(* Let $A,B$ be nondeterministic parity tree automata over $\Sigma$, let $g$ be a guiding function from $B$ to $A$ that preserves acceptance, let $t$ be a $\Sigma$-tree, let $\rho_B$ be an accepting run of $B$ on $t$ and $\rho_A=g(\rho_B)$ (an accepting run of $A$ on $t$). Let $u\in\{0,1\}^*$ and $v\in\{0,1\}^+$ be such that $\rho_A(u)=\rho_A(u\cdot v)$ and $\rho_B(u)=\rho_B(u\cdot v)$. If the greatest priority on the edges of $\rho_B$ between positions $u$ and $u\cdot v$ (i.e., on the edges from $u\cdot v|_k$ to $u\cdot v|_{k+1}$ for $k<|v|$) is even, then the greatest priority on the corresponding edges of $\rho_A$ is even.
   Context: A $\Sigma$-tree is $t:\{0,1\}^*\to\Sigma$; $v|_k$ is the length-$k$ prefix of $v$. A nondeterministic $I$-parity tree automaton ($I$ a finite interval of naturals) is $(\Sigma,Q,q_I,\Delta,\Omega)$ with $Q$ finite, $\Delta\subseteq Q\times\Sigma\times Q\times Q$ complete, $\Omega:\Delta\to I^2$. A run on $t$ is $\rho:\{0,1\}^*\to\Delta$ with $\rho(\varepsilon)$ from $q_I$, $\rho(u)=(q,t(u),q_0,q_1)$ and $\rho(u\cdot d)$ from $q_d$; the edge from $u$ to $u\cdot d$ has priority the $d$-th component of $\Omega(\rho(u))$. A run is accepting if on every branch the $\limsup$ of edge priorities is even. A guiding function from $B$ to $A$ is $g:Q_A\times\Delta_B\to\Delta_A$ with $g(p,(q,a,q_0,q_1))=(p,a,p_0,p_1)$; for a run $\rho$ of $B$ on $t$, $g(\rho)(u)=g(s(u),\rho(u))=(s(u),t(u),p_0,p_1)$ where $s(\varepsilon)=q_{I,A}$ and $s(u\cdot d)=p_d$. It preserves acceptance if $g(\rho)$ is accepting whenever $\rho$ is. *)

From mathcomp Require Import all_boot.
Set Implicit Arguments. Unset Strict Implicit. Unset Printing Implicit Defensive.

(* Positions of the binary tree are words u : seq bool (false = 0, true = 1);
   u . d is [rcons u d], u . v is [u ++ v], v|_k is [take k v]. *)

Definition tuple4 (Sigma Q : Type) := (Q * Sigma * Q * Q)%type.

Record automaton (Sigma : finType) := Automaton {
  state : finType;
  qinit : state;
  delta : pred (tuple4 Sigma state);
  complete : forall (q : state) (a : Sigma),
      exists q0 q1, delta (q, a, q0, q1);
  omega : {x : tuple4 Sigma state | delta x} -> (nat * nat)%type
}.

Section Auto.
Variable Sigma : finType.

Definition trans (A : automaton Sigma) := {x : tuple4 Sigma (state A) | @delta _ A x}.

Definition tsrc (A : automaton Sigma) (d : trans A) : state A := (sval d).1.1.1.
Definition tlet (A : automaton Sigma) (d : trans A) : Sigma := (sval d).1.1.2.
Definition tsucc (A : automaton Sigma) (d : trans A) (dir : bool) : state A :=
  if dir then (sval d).2 else (sval d).1.2.
Definition tprio (A : automaton Sigma) (d : trans A) (dir : bool) : nat :=
  if dir then (omega d).2 else (omega d).1.

Definition tree := seq bool -> Sigma.

Definition is_run (A : automaton Sigma) (t : tree) (rho : seq bool -> trans A) : Prop :=
  tsrc (rho [::]) = qinit A /\
  (forall u, tlet (rho u) = t u) /\
  (forall u (dir : bool), tsrc (rho (rcons u dir)) = tsucc (rho u) dir).

(* "the limsup of the sequence p is even" for p : nat -> nat
   (an unbounded sequence has limsup infinity, which is not even) *)
Definition limsup_even (p : nat -> nat) : Prop :=
  exists m, ~~ odd m /\
    (forall N, exists2 n, N <= n & p n = m) /\
    (exists N, forall n, N <= n -> p n <= m).

Definition branch_prefix (beta : nat -> bool) (n : nat) : seq bool := mkseq beta n.

Definition accepting (A : automaton Sigma) (rho : seq bool -> trans A) : Prop :=
  forall beta : nat -> bool,
    limsup_even (fun n => tprio (rho (branch_prefix beta n)) (beta n)).

Record guiding (B A : automaton Sigma) := Guiding {
  gfun : state A -> trans B -> trans A;
  gfun_src : forall p d, tsrc (gfun p d) = p;
  gfun_let : forall p d, tlet (gfun p d) = tlet d
}.

Fixpoint gstate_aux (B A : automaton Sigma) (g : guiding B A)
    (rho : seq bool -> trans B) (pref : seq bool) (p : state A) (w : seq bool)
    : state A :=
  match w with
  | [::] => p
  | dir :: w' =>
      gstate_aux g rho (rcons pref dir) (tsucc (gfun g p (rho pref)) dir) w'
  end.

Definition gstate (B A : automaton Sigma) (g : guiding B A)
    (rho : seq bool -> trans B) (u : seq bool) : state A :=
  gstate_aux g rho [::] (qinit A) u.

Definition guided (B A : automaton Sigma) (g : guiding B A)
    (rho : seq bool -> trans B) : seq bool -> trans A :=
  fun u => gfun g (gstate g rho u) (rho u).

Definition preserves_acceptance (B A : automaton Sigma) (g : guiding B A) : Prop :=
  forall (t : tree) (rho : seq bool -> trans B),
    is_run t rho -> accepting rho -> accepting (guided g rho).

Definition max_prio_between (A : automaton Sigma) (rho : seq bool -> trans A)
    (u v : seq bool) : nat :=
  \max_(k < size v) tprio (rho (u ++ take k v)) (nth false v k).

End Auto.

From mathcomp Require Import all_boot.
From mathcomp Require Import zify.
From Stdlib Require Import Classical.
Set Implicit Arguments. Unset Strict Implicit. Unset Printing Implicit Defensive.

(* Fold the tree along the loop: [fold_pos w] is the position reached by
   reading [w] from the root and jumping back to [u] whenever [u ++ v] is
   reached.  As [rhoB u = rhoB (u ++ v)], [rhoB \o fold_pos] is a run of [B]
   on [t \o fold_pos].  A branch of it either leaves the loop, and from then
   on follows a branch of [rhoB] (even limsup), or is the lasso [u v^omega],
   whose limsup is the maximal priority of [rhoB] on the loop (even).  Since
   also [g(rhoB)(u) = g(rhoB)(u ++ v)], guiding the folded run gives
   [g(rhoB) \o fold_pos], which is therefore accepting; along the lasso its
   limsup is the maximal priority of [g(rhoB)] on the loop. *)

Lemma prefix_rcons_take (T : eqType) (s : seq T) (x0 b : T) i : i < size s ->
  prefix (rcons (take i s) b) s = (b == nth x0 s i).
Proof.
move=> lt_i_s; rewrite prefixE size_rcons size_takel 1?ltnW //.
by rewrite (take_nth x0) // eqseq_rcons eqxx.
Qed.

(* The index in [u ++ v] of step [n] of the lasso [u v^omega], for
   [a = size u] and [L = size v]. *)
Definition lasso_pos (a L n : nat) := if n < a then n else a + (n - a) %% L.

Section LassoPos.
Variables (a L : nat).
Hypothesis L_gt0 : 0 < L.

Lemma lasso_pos0 : lasso_pos a L 0 = 0.
Proof.
by rewrite /lasso_pos sub0n mod0n addn0; case: ifP => // /negbT; rewrite -eqn0Ngt => /eqP.
Qed.

Lemma lasso_pos_lt n : lasso_pos a L n < a + L.
Proof.
rewrite /lasso_pos; case: (ltnP n a) => [|_]; first lia.
by rewrite ltn_add2l ltn_pmod.
Qed.

Lemma lasso_pos_addn k : lasso_pos a L (a + k) = a + k %% L.
Proof. by rewrite /lasso_pos ltnNge leq_addr addKn. Qed.

Lemma lasso_posS n : lasso_pos a L n.+1 =
  if (lasso_pos a L n).+1 == a + L then a else (lasso_pos a L n).+1.
Proof.
rewrite /lasso_pos; case: (ltnP n.+1 a) => [lt_n1a|le_an1].
  by rewrite ltnW //; case: eqP => //; lia.
case: (ltnP n a) => [lt_na|le_an].
  have -> : n.+1 = a by lia.
  by rewrite subnn mod0n addn0; case: eqP => //; lia.
rewrite subSn // modnS.
have dvd_mod : (L %| (n - a).+1) = (((n - a) %% L).+1 == L).
  rewrite /dvdn {1}(divn_eq (n - a) L) -addnS modnMDl.
  have := ltn_pmod (n - a) L_gt0; rewrite leq_eqVlt => /orP[/eqP->|lt_L].
    by rewrite modnn !eqxx.
  by rewrite modn_small // (ltn_eqF lt_L).
by rewrite dvd_mod -addnS eqn_add2l; case: ifP; rewrite ?addn0.
Qed.

End LassoPos.

Lemma limsup_even_shift (p q : nat -> nat) N S :
  (forall k, p (N + k) = q (S + k)) -> limsup_even q -> limsup_even p.
Proof.
move=> eq_pq [m [even_m [inf_m [N1 le_m]]]]; exists m; split => //; split.
  move=> N0; have [n le_n qn] := inf_m (N0 + S).
  exists (N + (n - S)); first lia.
  by rewrite eq_pq subnKC // (leq_trans (leq_addl N0 S)).
exists (N + N1) => n le_n.
by rewrite -(subnKC (leq_trans (leq_addr N1 N) le_n)) eq_pq le_m //; lia.
Qed.

Lemma eq_limsup_even (p q : nat -> nat) : p =1 q -> limsup_even q -> limsup_even p.
Proof. by move=> eq_pq; apply: (limsup_even_shift (N := 0) (S := 0)). Qed.

Lemma limsup_even_periodic (p b : nat -> nat) a L : 0 < L ->
  (forall k, p (a + k) = b (k %% L)) ->
  (limsup_even p <-> ~~ odd (\max_(k < L) b k)).
Proof.
move=> L_gt0 eq_pb; set M := \max_(k < L) b k.
have le_M n : a <= n -> p n <= M.
  move=> le_an; rewrite -(subnKC le_an) eq_pb.
  exact: (leq_bigmax (F := fun k : 'I_L => b k) (Ordinal (ltn_pmod (n - a) L_gt0))).
have inf_M N : exists2 n, N <= n & p n = M.
  have [k0 ->] : {k0 : 'I_L | M = b k0} by apply: eq_bigmax; rewrite card_ord.
  exists (a + (N * L + k0)); first by have := leq_pmull N L_gt0; lia.
  by rewrite eq_pb modnMDl modn_small.
split=> [[m [even_m [inf_m [N1 le_m]]]] | even_M].
  have [n1 le_an1 pn1] := inf_m a; have [n2 le_Nn2 pn2] := inf_M N1.
  suff -> : M = m by [].
  by apply/eqP; rewrite eqn_leq -{1}pn2 le_m //= -pn1 le_M.
by exists M; split => //; split => //; exists a.
Qed.

Section Runs.
Variable Sigma : finType.

Lemma branch_prefixS (beta : nat -> bool) n :
  branch_prefix beta n.+1 = rcons (branch_prefix beta n) (beta n).
Proof. exact: mkseqS. Qed.

Lemma branch_prefixD (beta : nat -> bool) N k :
  branch_prefix beta (N + k) = branch_prefix beta N ++ mkseq (fun i => beta (N + i)) k.
Proof.
elim: k => [|k IHk]; first by rewrite addn0 cats0.
by rewrite addnS branch_prefixS IHk mkseqS rcons_cat.
Qed.

Lemma accepting_from (A : automaton Sigma) (rho : seq bool -> trans A) x beta :
  accepting rho -> limsup_even (fun k => tprio (rho (x ++ mkseq beta k)) (beta k)).
Proof.
pose gamma n := if n < size x then nth false x n else beta (n - size x).
have gamma_tail k : gamma (size x + k) = beta k by rewrite /gamma ltnNge leq_addr addKn.
have prefix_gamma k : branch_prefix gamma (size x + k) = x ++ mkseq beta k.
  rewrite branch_prefixD (eq_mkseq gamma_tail); congr (_ ++ _).
  apply: (@eq_from_nth _ false); rewrite size_mkseq // => i lt_i.
  by rewrite nth_mkseq // /gamma lt_i.
move=> /(_ gamma); apply: (limsup_even_shift (N := 0) (S := size x)) => k.
by rewrite prefix_gamma gamma_tail.
Qed.

Lemma gstate_aux_rcons (A B : automaton Sigma) (g : guiding B A) rho pref p w d :
  gstate_aux g rho pref p (rcons w d) =
  tsucc (gfun g (gstate_aux g rho pref p w) (rho (pref ++ w))) d.
Proof.
elim: w pref p => [|x w IHw] pref p /=; first by rewrite cats0.
by rewrite IHw cat_rcons.
Qed.

Lemma gstate_rcons (A B : automaton Sigma) (g : guiding B A) rho w d :
  gstate g rho (rcons w d) = tsucc (guided g rho w) d.
Proof. exact: gstate_aux_rcons. Qed.

Lemma tsrc_guided (A B : automaton Sigma) (g : guiding B A) rho w :
  tsrc (guided g rho w) = gstate g rho w.
Proof. exact: gfun_src. Qed.

End Runs.

Section Fold.
Variables (Sigma : finType) (u v : seq bool).
Hypothesis v_neq0 : v != [::].

Definition fold_step (x : seq bool) (d : bool) :=
  if rcons x d == u ++ v then u else rcons x d.

Definition fold_pos (w : seq bool) := foldl fold_step [::] w.

Definition lasso (n : nat) := nth false (u ++ v) (lasso_pos (size u) (size v) n).

Let size_v_gt0 : 0 < size v. Proof. by rewrite lt0n size_eq0. Qed.

Lemma fold_pos_rcons w d : fold_pos (rcons w d) = fold_step (fold_pos w) d.
Proof. exact: foldl_rcons. Qed.

Lemma fold_pos_cat_off w s :
  ~~ prefix (fold_pos w) (u ++ v) -> fold_pos (w ++ s) = fold_pos w ++ s.
Proof.
rewrite /fold_pos foldl_cat; elim: s (foldl _ _ w) => [|d s IHs] x off_x /=.
  by rewrite cats0.
have off_xd : ~~ prefix (rcons x d) (u ++ v).
  by apply: contra off_x; rewrite -cats1; apply: catl_prefix.
rewrite /fold_step ifF; first by rewrite IHs // cat_rcons.
by apply: contraNF off_xd => /eqP ->; apply: prefix_refl.
Qed.

Lemma fold_pos_lasso n :
  fold_pos (branch_prefix lasso n) = take (lasso_pos (size u) (size v) n) (u ++ v).
Proof.
elim: n => [|n IHn]; first by rewrite lasso_pos0 take0.
have := lasso_pos_lt (size u) size_v_gt0 n; rewrite -size_cat.
set i := lasso_pos _ _ n => lt_i.
have full_iff : (take i.+1 (u ++ v) == u ++ v) = (i.+1 == size (u ++ v)).
  apply/eqP/eqP => [/(congr1 size)|->]; [by rewrite size_takel | exact: take_size].
rewrite branch_prefixS fold_pos_rcons IHn /fold_step /lasso -take_nth //.
rewrite lasso_posS // -size_cat full_iff; case: ifP => // _.
by rewrite take_size_cat.
Qed.

Lemma fold_pos_deviate (beta : nat -> bool) N :
  branch_prefix beta N = branch_prefix lasso N -> beta N != lasso N ->
  ~~ prefix (fold_pos (branch_prefix beta N.+1)) (u ++ v).
Proof.
move=> eq_prefix ne_N; rewrite branch_prefixS fold_pos_rcons eq_prefix fold_pos_lasso.
have := lasso_pos_lt (size u) size_v_gt0 N; rewrite -size_cat => lt_pos.
have off : ~~ prefix (rcons (take (lasso_pos (size u) (size v) N) (u ++ v)) (beta N)) (u ++ v).
  by rewrite (prefix_rcons_take false).
rewrite /fold_step ifF //; apply: contraNF off => /eqP ->; exact: prefix_refl.
Qed.

Lemma lasso_prio (C : automaton Sigma) (sigma : seq bool -> trans C) k :
  tprio (sigma (fold_pos (branch_prefix lasso (size u + k)))) (lasso (size u + k)) =
  tprio (sigma (u ++ take (k %% size v) v)) (nth false v (k %% size v)).
Proof.
rewrite fold_pos_lasso /lasso lasso_pos_addn takeD take_size_cat //.
by rewrite drop_size_cat // nth_cat ltnNge leq_addr addKn.
Qed.

Lemma limsup_fold_lasso (C : automaton Sigma) (sigma : seq bool -> trans C) :
  limsup_even (fun n => tprio (sigma (fold_pos (branch_prefix lasso n))) (lasso n)) <->
  ~~ odd (max_prio_between sigma u v).
Proof.
apply: (limsup_even_periodic
  (b := fun j => tprio (sigma (u ++ take j v)) (nth false v j)) size_v_gt0).
exact: lasso_prio.
Qed.

Lemma is_run_fold (B : automaton Sigma) t (rho : seq bool -> trans B) :
  is_run t rho -> rho u = rho (u ++ v) -> is_run (t \o fold_pos) (rho \o fold_pos).
Proof.
move=> [run_src [run_let run_succ]] rho_loop; split; first exact: run_src.
split=> [w|w d /=]; first exact: run_let.
rewrite fold_pos_rcons /fold_step; case: eqP => [eq_uv|_]; last exact: run_succ.
by rewrite rho_loop -eq_uv run_succ.
Qed.

Lemma accepting_fold (B : automaton Sigma) (rho : seq bool -> trans B) :
  accepting rho -> ~~ odd (max_prio_between rho u v) -> accepting (rho \o fold_pos).
Proof.
move=> acc even_loop beta.
case: (classic (exists n, beta n != lasso n)) => [deviates|on_lasso].
  have [N ne_N min_N] := ex_minnP deviates.
  have eq_prefix : branch_prefix beta N = branch_prefix lasso N.
    apply/eq_in_map => i; rewrite mem_iota add0n => /andP[_ lt_iN].
    by apply/eqP; apply: contraTT lt_iN => /min_N; rewrite -leqNgt.
  apply: (limsup_even_shift (N := N.+1) (S := 0)
    _ (accepting_from _ (fun i => beta (N.+1 + i)) acc)) => k /=.
  by rewrite branch_prefixD fold_pos_cat_off // fold_pos_deviate.
have eq_beta : beta =1 lasso.
  by move=> n; apply/eqP; apply: contra_notT on_lasso => ne_n; exists n.
apply: eq_limsup_even (proj2 (limsup_fold_lasso rho) even_loop) => n /=.
by rewrite /branch_prefix (eq_mkseq eq_beta) eq_beta.
Qed.

Lemma guided_fold (A B : automaton Sigma) (g : guiding B A) (rho : seq bool -> trans B) :
  gstate g rho u = gstate g rho (u ++ v) ->
  forall w, guided g (rho \o fold_pos) w = guided g rho (fold_pos w).
Proof.
move=> gstate_loop.
suff gstate_fold w : gstate g (rho \o fold_pos) w = gstate g rho (fold_pos w).
  by move=> w; rewrite /guided gstate_fold.
elim/last_ind: w => [|w d IHw] //.
rewrite !gstate_rcons fold_pos_rcons {1}/guided IHw -gstate_rcons /fold_step.
by case: eqP => // ->.
Qed.

End Fold.

Theorem lemma1 (Sigma : finType) (A B : automaton Sigma) (g : guiding B A)
    (t : tree Sigma) (rhoB : seq bool -> trans B) :
  preserves_acceptance g ->
  is_run t rhoB -> accepting rhoB ->
  forall u v : seq bool, v != [::] ->
  guided g rhoB u = guided g rhoB (u ++ v) ->
  rhoB u = rhoB (u ++ v) ->
  ~~ odd (max_prio_between rhoB u v) ->
  ~~ odd (max_prio_between (guided g rhoB) u v).
Proof.
move=> preserves run_rhoB acc_rhoB u v v_neq0 guided_loop rhoB_loop even_B.
have gstate_loop : gstate g rhoB u = gstate g rhoB (u ++ v).
  by rewrite -!tsrc_guided guided_loop.
have acc_A := preserves _ _ (is_run_fold run_rhoB rhoB_loop)
  (accepting_fold v_neq0 acc_rhoB even_B).
apply/(limsup_fold_lasso u v_neq0 (guided g rhoB)).
apply: eq_limsup_even (acc_A (lasso u v)) => n.
by rewrite /= (guided_fold gstate_loop).
Qed.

#### YOUR GOAL
Reproducing the whole listing above is not the task. Copy exactly only the lines from the one with "by rewrite IHw cat_rcons." to the one with "have := lasso_pos_lt (size u) size_v_gt0 N; rewrite -size_cat =>", both kept.

#### RESULT FOR THIS EXERCISE
by rewrite IHw cat_rcons.
Qed.

Lemma gstate_rcons (A B : automaton Sigma) (g : guiding B A) rho w d :
  gstate g rho (rcons w d) = tsucc (guided g rho w) d.
Proof. exact: gstate_aux_rcons. Qed.

Lemma tsrc_guided (A B : automaton Sigma) (g : guiding B A) rho w :
  tsrc (guided g rho w) = gstate g rho w.
Proof. exact: gfun_src. Qed.

End Runs.

Section Fold.
Variables (Sigma : finType) (u v : seq bool).
Hypothesis v_neq0 : v != [::].

Definition fold_step (x : seq bool) (d : bool) :=
  if rcons x d == u ++ v then u else rcons x d.

Definition fold_pos (w : seq bool) := foldl fold_step [::] w.

Definition lasso (n : nat) := nth false (u ++ v) (lasso_pos (size u) (size v) n).

Let size_v_gt0 : 0 < size v. Proof. by rewrite lt0n size_eq0. Qed.

Lemma fold_pos_rcons w d : fold_pos (rcons w d) = fold_step (fold_pos w) d.
Proof. exact: foldl_rcons. Qed.

Lemma fold_pos_cat_off w s :
  ~~ prefix (fold_pos w) (u ++ v) -> fold_pos (w ++ s) = fold_pos w ++ s.
Proof.
rewrite /fold_pos foldl_cat; elim: s (foldl _ _ w) => [|d s IHs] x off_x /=.
  by rewrite cats0.
have off_xd : ~~ prefix (rcons x d) (u ++ v).
  by apply: contra off_x; rewrite -cats1; apply: catl_prefix.
rewrite /fold_step ifF; first by rewrite IHs // cat_rcons.
by apply: contraNF off_xd => /eqP ->; apply: prefix_refl.
Qed.

Lemma fold_pos_lasso n :
  fold_pos (branch_prefix lasso n) = take (lasso_pos (size u) (size v) n) (u ++ v).
Proof.
elim: n => [|n IHn]; first by rewrite lasso_pos0 take0.
have := lasso_pos_lt (size u) size_v_gt0 n; rewrite -size_cat.
set i := lasso_pos _ _ n => lt_i.
have full_iff : (take i.+1 (u ++ v) == u ++ v) = (i.+1 == size (u ++ v)).
  apply/eqP/eqP => [/(congr1 size)|->]; [by rewrite size_takel | exact: take_size].
rewrite branch_prefixS fold_pos_rcons IHn /fold_step /lasso -take_nth //.
rewrite lasso_posS // -size_cat full_iff; case: ifP => // _.
by rewrite take_size_cat.
Qed.

Lemma fold_pos_deviate (beta : nat -> bool) N :
  branch_prefix beta N = branch_prefix lasso N -> beta N != lasso N ->
  ~~ prefix (fold_pos (branch_prefix beta N.+1)) (u ++ v).
Proof.
move=> eq_prefix ne_N; rewrite branch_prefixS fold_pos_rcons eq_prefix fold_pos_lasso.
have := lasso_pos_lt (size u) size_v_gt0 N; rewrite -size_cat => lt_pos.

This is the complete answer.